> [PROBLEM TO SOLVE] Beginning with the line below that contains "From mathcomp Require Import Rstruct." and ending with the line that contains "exists (N : nat)", copy every line exactly. Copy nothing else.

> [Source data]
(* Let $r$ be a Hermitian symmetric polynomial in one complex variable with $r(p,\overline p)=0$ for some $p\in\mathbb{C}$. If $r\in\mathcal{Q}'(1)$, then $r$ is divisible, as a polynomial in $z$ and $\overline z$, by $|z-p|^2=(z-p)(\overline z-\overline p)$.
   Context: $\mathcal{Q}'(1)$: Hermitian symmetric polynomials $r$ in one variable with $r(z,\overline z)\ge0$ for all $z$ for which there exist a Hermitian symmetric polynomial $s\ge0$, not identically $0$, and a holomorphic polynomial mapping $F$ with $rs=\|F\|^2$. *)

From HB Require Import structures.
From mathcomp Require Import all_boot all_order all_algebra.
From mathcomp Require Import complex.
From mathcomp Require Import Rstruct.
Set Implicit Arguments. Unset Strict Implicit. Unset Printing Implicit Defensive.
Import Order.TTheory GRing.Theory Num.Theory.
Local Open Scope ring_scope.

Definition C : numClosedFieldType := (Rdefinitions.R)[i].

(** Polynomials in two variables z and w (w stands for \overline z):
    an element P : {poly {poly C}} is a polynomial in the OUTER variable w
    whose coefficients are polynomials in the INNER variable z. *)
Notation bipoly := {poly {poly C}}.

Definition bicoef (P : bipoly) (a b : nat) : C := (P`_b)`_a.

Definition herm_sym (P : bipoly) : Prop :=
  forall a b : nat, bicoef P a b = (bicoef P b a)^*.

Definition bieval (P : bipoly) (z w : C) : C :=
  (map_poly (fun q : {poly C} => q.[z]) P).[w].

Definition diag_eval (P : bipoly) (z : C) : C := bieval P z z^*.

Definition holo (f : {poly C}) : bipoly := f%:P.

Definition antiholo (f : {poly C}) : bipoly :=
  map_poly (fun c : C => (c^*)%:P) f.

Definition normsq (N : nat) (F : 'I_N -> {poly C}) : bipoly :=
  \sum_(j < N) holo (F j) * antiholo (F j).

Definition diag_nonneg (P : bipoly) : Prop := forall z : C, 0 <= diag_eval P z.

Definition Qprime1 (r : bipoly) : Prop :=
  herm_sym r /\ diag_nonneg r /\
  exists s : bipoly, herm_sym s /\ diag_nonneg s /\ s != 0 /\
    exists (N : nat) (F : 'I_N -> {poly C}), r * s = normsq F.

Definition absdiff2 (p : C) : bipoly :=
  ('X - p%:P)%:P * ('X - (p^*)%:P%:P).

From HB Require Import structures.
From mathcomp Require Import all_boot all_order all_algebra.
Import Order.TTheory GRing.Theory Num.Theory.
Local Open Scope ring_scope.

(* Suppose r s = ||F||^2 with s != 0.  Evaluating on the diagonal at p gives
   sum_j |F_j(p)|^2 = 0, so every F_j vanishes at p and ||F||^2 = |z - p|^2 ||G||^2.
   Thus r s vanishes on the two lines z = p and w = conj p.  By Hermitian symmetry,
   r vanishes on z = p iff it vanishes on w = conj p; so either |z - p|^2 divides r,
   or it divides s and we may replace s by s / |z - p|^2, which has smaller degree
   and still satisfies r s' = ||G||^2.  Descent on the degree of s concludes. *)

Section BivariateEvaluation.

Variable R : fieldType.
Implicit Types (P Q : {poly {poly R}}) (a b : R).

(* With z the inner and w the outer variable, [evalz a P] is P(a, w) and
   [evalw b P] is P(z, b). *)
Definition evalz a P : {poly R} := map_poly (horner_eval a) P.

Definition evalw b P : {poly R} := P.[b%:P].

Lemma evalzM a P Q : evalz a (P * Q) = evalz a P * evalz a Q.
Proof. by rewrite /evalz rmorphM. Qed.

Lemma evalwM b P Q : evalw b (P * Q) = evalw b P * evalw b Q.
Proof. by rewrite /evalw hornerM. Qed.

Lemma evalz_eq0_dvd {a P} :
  evalz a P = 0 -> exists Q, P = Q * ('X - a%:P)%:P.
Proof.
move=> Pa0; exists (map_poly (fun q => q %/ ('X - a%:P)) P).
apply/polyP=> i; rewrite coefMC coef_map_id0 ?div0p //.
have : (evalz a P)`_i = 0 by rewrite Pa0 coef0.
rewrite /evalz coef_map /= => Pia0.
by rewrite divpK // dvdp_XsubCl; apply/eqP; rewrite -Pia0.
Qed.

Lemma evalzw_eq0_dvd a b P : evalz a P = 0 -> evalw b P = 0 ->
  exists Q, P = Q * (('X - a%:P)%:P * ('X - b%:P%:P)).
Proof.
move=> /evalz_eq0_dvd [Q1 ->].
rewrite evalwM {2}/evalw hornerC => /eqP.
rewrite mulf_eq0 polyXsubC_eq0 orbF => /eqP Q1b0.
have /factor_theorem [Q2 ->] : root Q1 b%:P by rewrite /root -/(evalw _ _) Q1b0.
by exists Q2; rewrite -mulrA [_ * ('X - _)%:P]mulrC.
Qed.

End BivariateEvaluation.

Arguments evalz {R}.
Arguments evalw {R}.

Lemma evalz_absdiff2 p : evalz p (absdiff2 p) = 0.
Proof.
by rewrite /absdiff2 evalzM /evalz map_polyC /= /horner_eval hornerXsubC subrr mul0r.
Qed.

Lemma evalw_absdiff2 p : evalw p^* (absdiff2 p) = 0.
Proof. by rewrite /absdiff2 evalwM /evalw hornerXsubC subrr mulr0. Qed.

Lemma absdiff2_neq0 p : absdiff2 p != 0.
Proof. by rewrite /absdiff2 mulf_neq0 // ?polyC_eq0 polyXsubC_eq0. Qed.

Lemma size_absdiff2 p : size (absdiff2 p) = 2.
Proof. by rewrite /absdiff2 size_Cmul ?polyXsubC_eq0 // size_XsubC. Qed.

Lemma herm_size_coef (r : bipoly) : herm_sym r -> forall a, leq (size r`_a) (size r).
Proof.
move=> r_herm a; apply/leq_sizeP => j /(nth_default 0) rj0.
by have := r_herm j a; rewrite /bicoef => ->; rewrite rj0 coef0 rmorph0.
Qed.

Lemma herm_evalw_conj (r : bipoly) p : herm_sym r ->
  evalw p^* r = map_poly Num.conj (evalz p r).
Proof.
move=> r_herm; apply/polyP=> a.
rewrite /evalw (horner_coef_wide _ (leqnn (size r))) coef_sum.
rewrite coef_map /evalz coef_map /= /horner_eval.
rewrite (horner_coef_wide _ (herm_size_coef _ r_herm a)) rmorph_sum.
apply: eq_bigr => i _; rewrite -(rmorphXn (@polyC C)) (@coefMC C) rmorphM rmorphXn /=.
by have := r_herm a i; rewrite /bicoef => ->.
Qed.

Lemma herm_evalw_eq0 (r : bipoly) p : herm_sym r ->
  (evalw p^* r == 0) = (evalz p r == 0).
Proof. by move=> r_herm; rewrite herm_evalw_conj // map_poly_eq0. Qed.

Lemma absdiff2_dvd_herm_mul {r s : bipoly} {p} : herm_sym r ->
  evalz p (r * s) = 0 -> evalw p^* (r * s) = 0 ->
  (exists q, r = q * absdiff2 p) \/ (exists q, s = q * absdiff2 p).
Proof.
move=> r_herm /eqP rsz /eqP rsw; rewrite /absdiff2.
have [rz0 | rzN0] := eqVneq (evalz p r) 0.
  by left; apply: evalzw_eq0_dvd => //; apply/eqP; rewrite herm_evalw_eq0 // rz0.
move: rsz rsw; rewrite evalzM evalwM !mulf_eq0 herm_evalw_eq0 // (negbTE rzN0) /=.
by move=> /eqP sz0 /eqP sw0; right; apply: evalzw_eq0_dvd.
Qed.

Lemma diag_evalE (P : bipoly) z : diag_eval P z = (evalz z P).[z^*].
Proof. by []. Qed.

Lemma diag_evalM (P Q : bipoly) z :
  diag_eval (P * Q) z = diag_eval P z * diag_eval Q z.
Proof. by rewrite !diag_evalE evalzM hornerM. Qed.

Lemma diag_eval_holo f z : diag_eval (holo f) z = f.[z].
Proof. by rewrite diag_evalE /evalz /holo map_polyC hornerC. Qed.

Lemma diag_eval_antiholo f z : diag_eval (antiholo f) z = (f.[z])^*.
Proof.
rewrite diag_evalE -horner_map; congr _.[_]; apply/polyP=> i.
by rewrite /evalz /antiholo !coef_map_id0 ?rmorph0 //= /horner_eval hornerC.
Qed.

Lemma diag_eval_normsq N (F : 'I_N -> {poly C}) z :
  diag_eval (normsq F) z = \sum_(j < N) (F j).[z] * ((F j).[z])^*.
Proof.
rewrite /normsq diag_evalE /evalz rmorph_sum horner_sum; apply: eq_bigr => j _.
by rewrite -diag_evalE diag_evalM diag_eval_holo diag_eval_antiholo.
Qed.

Lemma antiholoE (f : {poly C}) : antiholo f = map_poly polyC (map_poly Num.conj f).
Proof. by rewrite /antiholo -map_poly_comp. Qed.

Lemma antiholoM (f g : {poly C}) : antiholo (f * g) = antiholo f * antiholo g.
Proof. by rewrite !antiholoE !rmorphM. Qed.

Lemma antiholo_XsubC p : antiholo ('X - p%:P) = 'X - (p^*)%:P%:P.
Proof. by rewrite antiholoE !rmorphB /= !map_polyX !map_polyC. Qed.

Lemma normsq_root_factor p N (F : 'I_N -> {poly C}) :
  (forall j, root (F j) p) ->
  exists G : 'I_N -> {poly C}, normsq F = absdiff2 p * normsq G.
Proof.
move=> Fp0; exists (fun j => F j %/ ('X - p%:P)).
rewrite /normsq mulr_sumr; apply: eq_bigr => j _.
rewrite -{1 2}(divpK (_ : 'X - p%:P %| F j)) ?dvdp_XsubCl //.
by rewrite /holo rmorphM antiholoM antiholo_XsubC /absdiff2 mulrACA mulrC.
Qed.

Lemma normsq_diag_eq0_root N (F : 'I_N -> {poly C}) p :
  diag_eval (normsq F) p = 0 -> forall j, root (F j) p.
Proof.
rewrite diag_eval_normsq => sum0 j; rewrite /root -mul_conjC_eq0; apply/eqP.
by apply: (psumr_eq0P _ sum0) => // i _; rewrite mul_conjC_ge0.
Qed.

Lemma absdiff2_dvd_descent (r : bipoly) p : herm_sym r -> diag_eval r p = 0 ->
  forall s : bipoly, s != 0 ->
  (exists N (F : 'I_N -> {poly C}), r * s = normsq F) ->
  exists q, r = q * absdiff2 p.
Proof.
move=> r_herm rp0 s; elim: {s}(size s) {-2}s (leqnn (size s)) => [|n IH] s.
  by rewrite leqn0 size_poly_eq0 => /eqP ->; rewrite eqxx.
move=> size_s s0 [N [F rsF]].
have /normsq_root_factor [G FG] : forall j, root (F j) p.
  by apply: normsq_diag_eq0_root; rewrite -rsF diag_evalM rp0 mul0r.
have rs_z : evalz p (r * s) = 0 by rewrite rsF FG evalzM evalz_absdiff2 mul0r.
have rs_w : evalw p^* (r * s) = 0 by rewrite rsF FG evalwM evalw_absdiff2 mul0r.
have [//|[s' Es]] := absdiff2_dvd_herm_mul r_herm rs_z rs_w.
have s'0 : s' != 0 by apply: contraNneq s0 => s'_eq0; rewrite Es s'_eq0 mul0r.
apply: (IH s') => //.
  by move: size_s; rewrite Es size_mul ?absdiff2_neq0 // size_absdiff2 addn2.
exists N, G; apply: (mulIf (absdiff2_neq0 p)).
by rewrite -mulrA -Es rsF FG mulrC.
Qed.

Theorem lemma4p2 (r : bipoly) (p : C) :
  herm_sym r -> diag_eval r p = 0 -> Qprime1 r ->
  exists q : bipoly, r = q * absdiff2 p.
Proof.
move=> r_herm rp0 [_ [_ [s [_ [_ [s0 rs_normsq]]]]]].
exact: absdiff2_dvd_descent r_herm rp0 s s0 rs_normsq.
Qed.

> [TASK RESPONSE]
From mathcomp Require Import Rstruct.
Set Implicit Arguments. Unset Strict Implicit. Unset Printing Implicit Defensive.
Import Order.TTheory GRing.Theory Num.Theory.
Local Open Scope ring_scope.

Definition C : numClosedFieldType := (Rdefinitions.R)[i].

(** Polynomials in two variables z and w (w stands for \overline z):
    an element P : {poly {poly C}} is a polynomial in the OUTER variable w
    whose coefficients are polynomials in the INNER variable z. *)
Notation bipoly := {poly {poly C}}.

Definition bicoef (P : bipoly) (a b : nat) : C := (P`_b)`_a.

Definition herm_sym (P : bipoly) : Prop :=
  forall a b : nat, bicoef P a b = (bicoef P b a)^*.

Definition bieval (P : bipoly) (z w : C) : C :=
  (map_poly (fun q : {poly C} => q.[z]) P).[w].

Definition diag_eval (P : bipoly) (z : C) : C := bieval P z z^*.

Definition holo (f : {poly C}) : bipoly := f%:P.

Definition antiholo (f : {poly C}) : bipoly :=
  map_poly (fun c : C => (c^*)%:P) f.

Definition normsq (N : nat) (F : 'I_N -> {poly C}) : bipoly :=
  \sum_(j < N) holo (F j) * antiholo (F j).

Definition diag_nonneg (P : bipoly) : Prop := forall z : C, 0 <= diag_eval P z.

Definition Qprime1 (r : bipoly) : Prop :=
  herm_sym r /\ diag_nonneg r /\
  exists s : bipoly, herm_sym s /\ diag_nonneg s /\ s != 0 /\
    exists (N : nat) (F : 'I_N -> {poly C}), r * s = normsq F.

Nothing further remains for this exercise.